Share your linear regression and logistic regression notebooks & blog posts here.
Have you ever heard about backpropagation? if so, take a look at this notebook and find out how PyTorch is implementing it. If not and you want to learn then this could be the perfect notebook for you
your feedback and supports are highly appreciated, and if you want to contribute please feel free to.
If you find it useful don’t forget to like my notebook, Thanks in advance. Learning with sharing.
Thanks @aakashns and Jovian team for your efforts!
Hi folks, check out my 2nd assignment on insurance prediction using regression technique via PyTorch, I am open to your suggestions and corrections.
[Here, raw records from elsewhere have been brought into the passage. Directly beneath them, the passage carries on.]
Lemma infinite_setT_fresh (T : choiceType) (X : {fset T}) :
  infinite_set [set: T] -> exists t, t \notin X.
Proof.
move=> Tinf; apply: contrapT => /forallNP allX; apply: Tinf.
apply: (@sub_finite_set _ _ [set` X]); last exact: finite_fset.
by move=> t _ /=; apply/negPn/negP; apply: allX.
Qed.

Lemma fsbigT_fset (T : choiceType) (R : nmodType) (f : T -> R) (S : {fset T}) :
  (forall t, t \notin S -> f t = 0) ->
  \sum_(t \in [set: T]) f t = \sum_(t <- S) f t.
Proof.
move=> fS; rewrite [RHS]fsbig_seq //; symmetry.
apply: fsbig_widen => // t [_ /= tS]; rewrite /preimage /= fS //; exact/negP.
Qed.

Section GroupSums.
Variables (G : groupType) (R : nmodType).

Definition mulfset (S1 S2 : {fset G}) : {fset G} :=
  [fset (a * b)%g | a in S1, b in S2]%fset.

Lemma mulfsetP (S1 S2 : {fset G}) a b :
  a \in S1 -> b \in S2 -> (a * b)%g \in mulfset S1 S2.
Proof. by move=> aS bS; apply/imfset2P; exists a => //; exists b. Qed.

Lemma big_fset_translate (F : G -> R) t (S S' : {fset G}) :
  (forall v, v \notin S -> F v = 0) -> (forall v, v \in S -> (t * v)%g \in S') ->
  \sum_(u <- S') F (t^-1 * u)%g = \sum_(v <- S) F v.
Proof.
move=> FS SS'.
rewrite -(@fsbigT_fset _ _ (fun u => F (t^-1 * u)%g) S'); last first.
  by move=> u uS'; apply: FS; apply: contra uS' => /SS'; rewrite mulVKg.
rewrite -(fsbigT_fset FS) (reindex_fsbigT (fun v => (t * v)%g)).
  by apply: eq_fsbigr => v _; rewrite mulKg.
by exists (fun v => (t^-1 * v)%g) => v; rewrite ?mulKg ?mulVKg.
Qed.

End GroupSums.

Section NonUniformOperators.
Variables (G : groupType) (R : pzRingType) (n : nat).

Definition nuop := G -> 'I_n -> 'I_n -> G -> R.
Definition cfg := G -> 'I_n -> R.

Definition nuact (c : nuop) (x : cfg) : cfg :=
  fun g i => \sum_(t \in [set: G]) \sum_(j < n) c g i j t * x (g * t)%g j.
click here to view notebook.
Your notebook is incorrect: your predicted value is among the inputs feed into the model.
so, what i need to do to correct that now
Well, remove this column (
charges) from your inputs.
Yeah! Now i got you…i am giving output column in inputs… Right???
You basically predict the answer from the question like this
Something like “What is the name of George?”
yeah i understood sorry for the Mistake…iam just a beginner Not a Pro
This is my 2nd assignment… make sure to like my notebook.
After, this assignment I learn many new things which might be helpful our daily life
Hello guys! Please check out my work and feel free to criticize. Link: https://jovian.ai/light-ti-man/02-insurance-linear-regression-with-jovian
Hi friends, I am santosh. I was doing assingnment on images and logistic regression. In the middle I got this error.
can anyone help me with this.
Hey @santosh-ui the colab notebook is private can you commit it to jovian and share that link?
Hi guys, Sharing the link to my notebook.
Thank you guys for sharing: you helped me to understand that I had to replace the cross entropy loss as explained here
Finally, my assignment 2 notebook
The statement about being unable to use cross entropy doesn’t make much sense to me. You can’t apply classification-related function to regression.
This would be different if you wanted to for example make some ranges into which single people’s costs would fall into. You could then split the dataset into distinct classes. Since it would be single-label classification (one person can’t have 2 different insurance costs) you could use cross entropy without a problem then.
So my statement makes sense and we’re just saying the same thing with different words!))
It doesn’t make sense in the meaning that it’s stating something obviously incorrect/unapplicable to this task.
It’s as if you said you learnt that you can’t use spectrogram here (because there’s no sound or any signal), you can’t use PHP (because you use python) or you can’t use a stick to train the model.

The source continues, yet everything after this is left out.